■ **Information given**:
Segment Open

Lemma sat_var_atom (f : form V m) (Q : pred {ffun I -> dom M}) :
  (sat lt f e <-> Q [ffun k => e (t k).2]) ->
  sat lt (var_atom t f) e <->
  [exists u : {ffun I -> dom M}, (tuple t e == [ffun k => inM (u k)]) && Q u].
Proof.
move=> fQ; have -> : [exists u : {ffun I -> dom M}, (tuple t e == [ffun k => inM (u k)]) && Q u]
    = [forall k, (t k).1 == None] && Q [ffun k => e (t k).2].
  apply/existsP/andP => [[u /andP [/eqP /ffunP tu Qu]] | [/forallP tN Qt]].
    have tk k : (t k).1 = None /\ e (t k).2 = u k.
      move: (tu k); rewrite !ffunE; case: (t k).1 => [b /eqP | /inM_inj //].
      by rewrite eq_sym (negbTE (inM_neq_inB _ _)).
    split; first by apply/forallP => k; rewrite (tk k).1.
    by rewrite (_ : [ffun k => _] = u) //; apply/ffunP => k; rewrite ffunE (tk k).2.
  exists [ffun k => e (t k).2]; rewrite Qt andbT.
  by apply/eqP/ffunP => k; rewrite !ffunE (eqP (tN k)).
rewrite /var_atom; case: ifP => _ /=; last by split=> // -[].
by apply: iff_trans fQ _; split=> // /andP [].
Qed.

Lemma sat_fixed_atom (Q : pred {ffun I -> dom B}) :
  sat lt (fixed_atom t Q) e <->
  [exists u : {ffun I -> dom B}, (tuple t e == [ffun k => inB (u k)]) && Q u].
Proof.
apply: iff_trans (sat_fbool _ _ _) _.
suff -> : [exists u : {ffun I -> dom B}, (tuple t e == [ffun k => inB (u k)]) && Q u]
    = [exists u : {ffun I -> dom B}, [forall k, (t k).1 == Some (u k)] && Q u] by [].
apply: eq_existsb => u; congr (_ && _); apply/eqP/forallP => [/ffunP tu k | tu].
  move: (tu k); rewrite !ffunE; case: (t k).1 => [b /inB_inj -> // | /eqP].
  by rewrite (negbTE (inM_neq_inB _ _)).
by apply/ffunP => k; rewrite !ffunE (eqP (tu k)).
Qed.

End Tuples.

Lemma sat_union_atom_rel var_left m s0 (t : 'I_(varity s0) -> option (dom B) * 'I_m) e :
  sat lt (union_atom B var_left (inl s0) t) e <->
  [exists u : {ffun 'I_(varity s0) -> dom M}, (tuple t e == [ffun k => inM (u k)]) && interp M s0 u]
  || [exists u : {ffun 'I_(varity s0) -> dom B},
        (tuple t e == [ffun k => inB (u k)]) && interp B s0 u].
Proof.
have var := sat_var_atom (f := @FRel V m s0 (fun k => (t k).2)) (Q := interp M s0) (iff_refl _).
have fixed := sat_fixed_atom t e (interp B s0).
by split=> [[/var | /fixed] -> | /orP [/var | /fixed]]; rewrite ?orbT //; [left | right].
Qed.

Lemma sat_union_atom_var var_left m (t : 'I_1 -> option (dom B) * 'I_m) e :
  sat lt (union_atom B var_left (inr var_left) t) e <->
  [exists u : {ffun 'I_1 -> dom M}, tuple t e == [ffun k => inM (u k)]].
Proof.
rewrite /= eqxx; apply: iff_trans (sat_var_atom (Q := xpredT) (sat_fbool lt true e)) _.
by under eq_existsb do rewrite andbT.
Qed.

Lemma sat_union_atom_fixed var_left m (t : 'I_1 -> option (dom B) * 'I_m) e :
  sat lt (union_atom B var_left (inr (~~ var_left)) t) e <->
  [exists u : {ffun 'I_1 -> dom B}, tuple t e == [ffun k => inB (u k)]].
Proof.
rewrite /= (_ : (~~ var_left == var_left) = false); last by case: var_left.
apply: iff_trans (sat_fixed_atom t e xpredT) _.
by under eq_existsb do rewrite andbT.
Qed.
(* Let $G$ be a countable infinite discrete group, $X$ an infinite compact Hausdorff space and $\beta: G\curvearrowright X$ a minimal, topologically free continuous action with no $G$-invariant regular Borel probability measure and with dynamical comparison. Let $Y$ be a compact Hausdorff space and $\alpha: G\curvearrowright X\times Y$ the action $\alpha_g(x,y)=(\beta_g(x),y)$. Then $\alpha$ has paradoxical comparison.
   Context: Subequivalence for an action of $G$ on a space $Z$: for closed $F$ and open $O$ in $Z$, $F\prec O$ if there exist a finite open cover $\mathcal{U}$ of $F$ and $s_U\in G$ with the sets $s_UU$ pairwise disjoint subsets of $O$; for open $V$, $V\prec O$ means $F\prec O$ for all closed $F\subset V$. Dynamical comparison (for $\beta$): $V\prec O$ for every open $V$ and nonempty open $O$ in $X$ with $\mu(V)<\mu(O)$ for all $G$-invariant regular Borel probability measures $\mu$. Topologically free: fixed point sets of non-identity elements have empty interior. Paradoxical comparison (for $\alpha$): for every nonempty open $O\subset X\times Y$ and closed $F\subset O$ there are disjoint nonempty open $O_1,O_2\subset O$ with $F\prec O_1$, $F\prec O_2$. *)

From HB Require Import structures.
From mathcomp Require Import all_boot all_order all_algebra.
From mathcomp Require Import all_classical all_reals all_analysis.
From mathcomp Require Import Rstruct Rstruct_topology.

Segment Closed

■ **Activity**:
Answer with a single number, the count of lines in the data that contain "Import".

■ **Response below**:
4